Brunkella, an 18-year department veteran, and his partner left their post and tried to take the man into custody. With his police radio in one hand and his pistol in the other, Brunkella's partner struggled to arrest the suspect. During the scuffle, the partner's gun discharged and a bullet struck Brunkella in the chest.
He died 12 days later, and the drug dealer was charged with felony murder. A jury later found him guilty and he was sentenced to 20 years in prison.
Two jurors, however, soon contacted the judge who oversaw the case to say the conviction was wrong. Three CPD officers told the judge that the officer who shot Brunkella had shot and wounded another CPD officer years earlier, the Tribune reported at the time.
Cook County court records show the man appealed his conviction to the state appellate court but was denied.
Though two men now face an array of weapons and narcotics charges in connection with the shooting of Krystal Rivera, neither faces a count of murder in her death.

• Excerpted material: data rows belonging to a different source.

(* Let $\tau\in\mathcal{P}^\pm$, $\alpha,\beta\in\mathbb{R}$, and suppose $T_{\mathrm{ng}}=T_{\mathrm{ng}}(\tau;\alpha,\beta)$ is an exceptional Jacobi operator; let $T_{\mathrm{rg}}=T_{\mathrm{rg}}(\tau;\alpha,\beta)$ and $N=\deg\tau$. Every quasi-polynomial eigenfunction of $T_{\mathrm{rg}}$ has the form $\pi_k(x)=P_n(x)/\tau(x)$ with $k\in I_1(T_{\mathrm{rg}})$, $k=n-N$, where $P_n\in\mathcal{P}^\pm$ is an eigenpolynomial of $T_{\mathrm{ng}}$ of degree $n$. Moreover, if $\alpha,\beta\notin\mathbb{Z}_-$, then $I_1(T_{\mathrm{rg}})=I(T_{\mathrm{ng}})-N$ and $\sigma_{\mathcal{P}}(T_{\mathrm{ng}})=\sigma_1(T_{\mathrm{rg}})=\{k(k+\alpha+\beta+1):k\in I_1(T_{\mathrm{rg}})\}$.
   Context: $D=d/dx$; $\mathcal{P}^\pm$ denotes the set of real polynomials not vanishing at $x=\pm1$; $\mathbb{Z}_-=\{-1,-2,\ldots\}$. $\eta(x;\alpha,\beta)=\frac{\alpha+1}{x-1}+\frac{\beta+1}{x+1}$; $T_{\mathrm{ng}}(\tau;\alpha,\beta)=(x^2-1)\big(D^2-2\frac{\tau'}{\tau}D+\frac{\tau''}{\tau}+\eta(D-\frac{\tau'}{\tau})\big)+2x\frac{\tau'}{\tau}$; $T_{\mathrm{rg}}(\tau;\alpha,\beta)=\tau^{-1}\circ T_{\mathrm{ng}}(\tau;\alpha,\beta)\circ\tau$. An eigenpolynomial of an operator $T$ is a nonzero polynomial $P$ with $TP=\lambda P$ for a constant $\lambda$; $\sigma_{\mathcal{P}}(T)$ is the set of such $\lambda$ and $I(T)$ the set of degrees of eigenpolynomials. $T_{\mathrm{ng}}$ is exceptional if $\mathbb{N}_0\setminus I(T_{\mathrm{ng}})$ is finite. A quasi-polynomial eigenfunction of $T$ is a rational solution $\pi$ of $T\pi=\lambda\pi$ with no zeros or poles at $x=\pm1$; its degree is the degree of the numerator minus that of the denominator; $I_1(T)$ is the set of such degrees and $\sigma_1(T)$ the set of corresponding eigenvalues. *)

From HB Require Import structures.
From mathcomp Require Import all_boot all_order all_algebra.
From mathcomp Require Import boolp classical_sets cardinality reals.
Set Implicit Arguments. Unset Strict Implicit. Unset Printing Implicit Defensive.
Import Order.TTheory GRing.Theory Num.Theory.
Local Open Scope ring_scope.
Local Open Scope classical_set_scope.

Section Jacobi.
Variable R : realType.

Definition ratf := {fraction {poly R}}.

Definition polyF (p : {poly R}) : ratf := @FracField.tofrac _ p.
Definition cstF (c : R) : ratf := polyF c%:P.
Definition xF : ratf := polyF 'X.

Definition fderiv (f : ratf) : ratf :=
  let r := repr f in
  polyF ((\n_r)^`() * \d_r - \n_r * (\d_r)^`()) / polyF (\d_r ^+ 2).

Definition fdeg (f : ratf) : int :=
  let r := repr f in (size \n_r)%:Z - (size \d_r)%:Z.

Definition Ppm (p : {poly R}) : Prop := p.[1] != 0 /\ p.[-1] != 0.

Definition eta (a b : R) : ratf :=
  cstF (a + 1) / (xF - 1) + cstF (b + 1) / (xF + 1).

Definition Tng (tau : {poly R}) (a b : R) (f : ratf) : ratf :=
  let t := polyF tau in
  let t1 := polyF tau^`() in
  let t2 := polyF tau^`(2) in
  (xF ^+ 2 - 1) *
    (fderiv (fderiv f) - 2%:R * (t1 / t) * fderiv f + (t2 / t) * f
     + eta a b * (fderiv f - (t1 / t) * f))
  + 2%:R * xF * (t1 / t) * f.

Definition Trg (tau : {poly R}) (a b : R) (f : ratf) : ratf :=
  (polyF tau)^-1 * Tng tau a b (polyF tau * f).

Definition is_eigpoly (T : ratf -> ratf) (P : {poly R}) (lam : R) : Prop :=
  P != 0 /\ T (polyF P) = cstF lam * polyF P.

Definition sigmaP (T : ratf -> ratf) : set R :=
  [set lam | exists P, is_eigpoly T P lam].

Definition Ipoly (T : ratf -> ratf) : set nat :=
  [set n | exists P lam, is_eigpoly T P lam /\ (size P).-1 = n].

Definition exceptional (T : ratf -> ratf) : Prop := finite_set (~` Ipoly T).

Definition is_qpeig (T : ratf -> ratf) (pi : ratf) (lam : R) : Prop :=
  (exists p q : {poly R}, Ppm p /\ Ppm q /\ pi = polyF p / polyF q)
  /\ T pi = cstF lam * pi.

Definition I1 (T : ratf -> ratf) : set int :=
  [set k | exists pi lam, is_qpeig T pi lam /\ fdeg pi = k].

Definition sigma1 (T : ratf -> ratf) : set R :=
  [set lam | exists pi, is_qpeig T pi lam].

End Jacobi.

From Pilot Require Import Defs.
From HB Require Import structures.
From mathcomp Require Import all_boot all_order all_algebra.
From mathcomp Require Import boolp classical_sets cardinality reals.
From mathcomp Require Import polyorder ring lra zify.
Import Order.TTheory GRing.Theory Num.Theory.
Set Implicit Arguments. Unset Strict Implicit. Unset Printing Implicit Defensive.
Local Open Scope ring_scope.
Local Open Scope classical_set_scope.

(* Multiplying T_ng y = lam y by tau gives a second order equation
   (x^2-1) tau y'' + p1 y' + p0 y = 0 with polynomial coefficients.  Near an
   irreducible g, write y = g^k phi with phi a unit at g: the lowest order
   term of the equation is the indicial polynomial at k times a unit, so that
   polynomial vanishes modulo g.  If y = tau pi had a pole at a factor g of
   its denominator (g prime to x^2-1, tau = g^m t, k = -r < 0) the indicial
   value would be ((r+m)(r+m-1) + 2r) (x^2-1) g'^2 t, which g does not divide:
   so tau pi is a polynomial P.  At x = 1 the indicial polynomial is
   k(k+alpha), so for alpha not in Z_- an eigenpolynomial does not vanish at
   1 (similarly at -1 with beta), which makes P/tau quasi-polynomial.
   Comparing the coefficients of x^(n+N) gives lam = k(k+alpha+beta+1) with
   k = n - N. *)

Section PolyFactors.
Variable K : fieldType.
Implicit Types p q g : {poly K}.

Lemma exists_irreducible_dvdp p :
  (1 < size p)%N -> exists2 g, irreducible_poly g & g %| p.
Proof.
elim: {p}(size p) {-2}p (leqnn (size p)) => [|n IHn] p sp p1; first by case: (size p) sp p1.
have p0 : p != 0 by rewrite -size_poly_gt0 ltnW.
have [[q [sq1 qp Nqp]] | Nq] :=
  pselect (exists q, [/\ size q != 1, q %| p & ~~ (q %= p)]); last first.
  exists p => //; split=> // q sq1 qp; apply/negPn/negP => Nqp.
  by apply: Nq; exists q.
have q0 : q != 0 by apply: contraNneq p0 => q0; rewrite -dvd0p -q0.
have q1 : (1 < size q)%N by rewrite ltn_neqAle eq_sym sq1 size_poly_gt0.
have sqp : (size q < size p)%N by rewrite ltn_neqAle (dvdp_size_eqp qp) Nqp dvdp_leq.
have [|g irr_g gq] := IHn q _ q1; first by rewrite -ltnS (leq_trans sqp).
by exists g => //; apply: dvdp_trans qp.
Qed.
Definition rho_til (A B : pt -> R) := Ric (gtil A B).
Definition tau_til (A B : pt -> R) (x : pt) : R := trace_wrt (gtil A B) (rho_til A B) x.
Definition tau_til_star (A B : pt -> R) (x : pt) : R := trace_wrt (gmet A B) (rho_til A B) x.

Definition r_til (A B : pt -> R) (p : pt) (v : vec) : R :=
  bil (at_pt (rho_til A B) p) v v / bil (at_pt (gtil A B) p) v v.

Definition gangle (A B : pt -> R) (p : pt) (u v : vec) : R :=
  acos (bil (at_pt (gmet A B) p) u v /
        sqrt (bil (at_pt (gmet A B) p) u u * bil (at_pt (gmet A B) p) v v)).

(** {u,v,w} is a basis of T_pM (three linearly independent vectors in a
    3-dimensional space). *)
Definition is_basis3 (u v w : vec) : Prop :=
  forall a b c : R,
    (forall i, (i < 3)%nat -> a * u i + b * v i + c * w i = 0) ->
    a = 0 /\ b = 0 /\ c = 0.

Definition induces_Q_basis (v : vec) : Prop := is_basis3 v (Qv v) (Qv (Qv v)).

From Stdlib Require Import Reals List Lra Lia Psatz FunctionalExtensionality.
From Coquelicot Require Import Coquelicot.
Open Scope R_scope.

(** Both [g = diag(A,A,B)] and [g~ = diag(-A,-A,B)] are diagonal in the chart, so their
    Christoffel symbols and curvatures are explicit rational expressions in [A], [B] and their
    first and second partial derivatives. Comparing them, every off-diagonal component of the
    Ricci tensor [rho~] of [g~], and the difference [rho~(∂2,∂2) - rho~(∂1,∂1)], is a linear
    combination of components of [R]. Hence [R = 0] forces [rho~ = diag(al, al, be)] at [p].
    Now [g], [g~] and [rho~] all have the shape [diag(a,a,b)], which is invariant under the
    rotation [Q]; this gives the first three equalities. Finally
    [cos psi = g(x,Px)/g(x,x) = g~(x,x)/g(x,x)], [tau~ = -2 al/A + be/B] and
    [tau~* = 2 al/A + be/B], and the closed form for [r~(x)] is an algebraic identity. *)

Definition diag_metric (D : nat -> pt -> R) : metric :=
  fun i j => if Nat.eqb i j then D i else fun _ => 0.

Definition kron (a b : nat) : R := if Nat.eqb a b then 1 else 0.

Definition Gam_diag (D : nat -> pt -> R) (k i j : nat) (y : pt) : R :=
  (kron k j * pd i (D j) y + kron k i * pd j (D i) y - kron i j * pd k (D i) y)
  / (2 * D k y).

Definition dGam_diag (D : nat -> pt -> R) (i l j k : nat) (y : pt) : R :=
  ((kron l k * pd i (pd j (D k)) y + kron l j * pd i (pd k (D j)) y
    - kron j k * pd i (pd l (D j)) y) * D l y
   - (kron l k * pd j (D k) y + kron l j * pd k (D j) y - kron j k * pd l (D j) y)
     * pd i (D l) y) / (2 * D l y ^ 2).

Definition Riem_diag (D : nat -> pt -> R) (l i j k : nat) (y : pt) : R :=
  dGam_diag D i l j k y - dGam_diag D j l i k y
  + sum3 (fun m => Gam_diag D m j k y * Gam_diag D l i m y
                   - Gam_diag D m i k y * Gam_diag D l j m y).

Lemma pd_zero (i : nat) (y : pt) : pd i (fun _ => 0) y = 0.
Proof. unfold pd. apply Derive_const. Qed.

Lemma Gam_diag_metric (D : nat -> pt -> R) (y : pt) :
  (forall k, (k < 3)%nat -> D k y <> 0) ->
  forall k i j, (k < 3)%nat -> (i < 3)%nat -> (j < 3)%nat ->
  Gam (diag_metric D) k i j y = Gam_diag D k i j y.
Proof.
  intros HD k i j Hk Hi Hj.
  pose proof (HD 0%nat ltac:(lia)); pose proof (HD 1%nat ltac:(lia)); pose proof (HD 2%nat ltac:(lia)).
  destruct k as [|[|[|k]]]; try lia; destruct i as [|[|[|i]]]; try lia;
  destruct j as [|[|[|j]]]; try lia;
  unfold Gam, Gam_diag, sum3, inv3, det3, at_pt, diag_metric, idx3, kron; simpl;
  rewrite ?pd_zero; field; auto.
Qed.

Lemma Ric_diag_metric (D : nat -> pt -> R) (y : pt) :
  (forall k, (k < 3)%nat -> D k y <> 0) ->
  forall a b, Ric (diag_metric D) a b y = sum3 (fun i => Riem (diag_metric D) i i a b y).
Proof.
  intros HD a b.
  pose proof (HD 0%nat ltac:(lia)); pose proof (HD 1%nat ltac:(lia)); pose proof (HD 2%nat ltac:(lia)).
  unfold Ric, Riem4, sum3, inv3, det3, at_pt, diag_metric, idx3; simpl.
  field; auto.
Qed.

Lemma Derive_lincomb3_div (F1 F2 F3 G : R -> R) (c1 c2 c3 x : R) :
  ex_derive F1 x -> ex_derive F2 x -> ex_derive F3 x -> ex_derive G x -> G x <> 0 ->
  Derive (fun t => (c1 * F1 t + c2 * F2 t - c3 * F3 t) / (2 * G t)) x =
  ((c1 * Derive F1 x + c2 * Derive F2 x - c3 * Derive F3 x) * G x
   - (c1 * F1 x + c2 * F2 x - c3 * F3 x) * Derive G x) / (2 * G x ^ 2).
Proof.
  intros H1 H2 H3 HG HG0.
  apply is_derive_unique. auto_derive.
  - repeat split; auto.
  - change (fun t => F1 t) with F1; change (fun t => F2 t) with F2;
    change (fun t => F3 t) with F3; change (fun t => G t) with G.
    field. exact HG0.
Qed.

Lemma upd_coord (p : pt) (i : nat) : upd p i (coord p i) = p.
Proof. destruct p as [[a b] c]; destruct i as [|[|i]]; reflexivity. Qed.

Lemma open_coord_line (U : pt -> Prop) (p : pt) :
  open U -> U p -> forall i, locally (coord p i) (fun t => U (upd p i t)).
Proof.
  intros HU Hp i. destruct (HU p Hp) as [e He]. exists e. intros t Ht.
  apply He. destruct p as [[a b] c].
  destruct i as [|[|i]]; simpl in *; repeat split; try apply ball_center; exact Ht.
Qed.

Lemma pd_opp (i : nat) (f : pt -> R) : pd i (fun y => - f y) = fun y => - pd i f y.
Proof. extensionality y. unfold pd. apply Derive_opp. Qed.

Lemma pds_opp (l : list nat) (f : pt -> R) : pds l (fun y => - f y) = fun y => - pds l f y.
Proof. induction l as [|i l IH]; simpl; [reflexivity | rewrite IH; apply pd_opp]. Qed.

Lemma smooth_on_opp (U : pt -> Prop) (f : pt -> R) :
  smooth_on U f -> smooth_on U (fun y => - f y).
Proof.
  intros Hf l Hl x Hx. rewrite pds_opp.
  destruct (Hf l Hl x Hx) as [Hc Hd]. split.
  - exact (continuous_opp (V := R_NormedModule) _ _ Hc).
  - intros i Hi. exact (ex_derive_opp (V := R_NormedModule) _ _ (Hd i Hi)).
Qed.

Section SmoothDiagonalMetric.

Variables (U : pt -> Prop) (D : nat -> pt -> R) (p : pt).
Hypothesis U_open : open U.
Hypothesis D_smooth : forall k, (k < 3)%nat -> smooth_on U (D k).
Hypothesis D_nonzero : forall k, (k < 3)%nat -> forall y, U y -> D k y <> 0.
Hypothesis p_in_U : U p.

Lemma D_coord_derivable (k i : nat) : (k < 3)%nat -> (i < 3)%nat ->
  ex_derive (fun t => D k (upd p i t)) (coord p i).
Proof.
  intros Hk Hi.
  exact (proj2 (D_smooth k Hk nil (fun i H => match H with end) p p_in_U) i Hi).
Qed.

Lemma pd_D_coord_derivable (a k i : nat) : (a < 3)%nat -> (k < 3)%nat -> (i < 3)%nat ->
  ex_derive (fun t => pd a (D k) (upd p i t)) (coord p i).
Proof.
  intros Ha Hk Hi.
  refine (proj2 (D_smooth k Hk (a :: nil) _ p p_in_U) i Hi).
  intros b [<-|[]]; exact Ha.
Qed.

Lemma pd_Gam_diag_metric (i l j k : nat) :
  (i < 3)%nat -> (l < 3)%nat -> (j < 3)%nat -> (k < 3)%nat ->
  pd i (Gam (diag_metric D) l j k) p = dGam_diag D i l j k p.
Proof.
  intros Hi Hl Hj Hk. unfold pd at 1.
  rewrite (Derive_ext_loc _ (fun t => Gam_diag D l j k (upd p i t))).
  2:{ apply (filter_imp (fun t => U (upd p i t))); [|exact (open_coord_line U p U_open p_in_U i)].
      intros t Ht. apply Gam_diag_metric; auto. }
  unfold Gam_diag.
  rewrite (Derive_lincomb3_div (fun t => pd j (D k) (upd p i t)) (fun t => pd k (D j) (upd p i t))
             (fun t => pd l (D j) (upd p i t)) (fun t => D l (upd p i t)));
    rewrite ?upd_coord; auto using D_coord_derivable, pd_D_coord_derivable.
Qed.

A Cook County judge last month granted a motion from the Cook County state's attorney's office that prohibits any city agency from releasing materials related to the shooting — officer body-worn camera and other memoranda — as those criminal cases are pending. Similar orders are often entered in criminal cases that stem from police shootings, and those orders are lifted once a case is adjudicated.
Matt McGrath, a spokesman for the state's attorney's office, said in a statement last month that said the motion is standard in criminal cases.
'To clarify, the motion to shield body-worn camera footage in this case is standard and related to the ongoing criminal prosecution of two defendants charged with serious felony gun and narcotics possession offenses — neither of whom is a police officer,' McGrath said in the statement.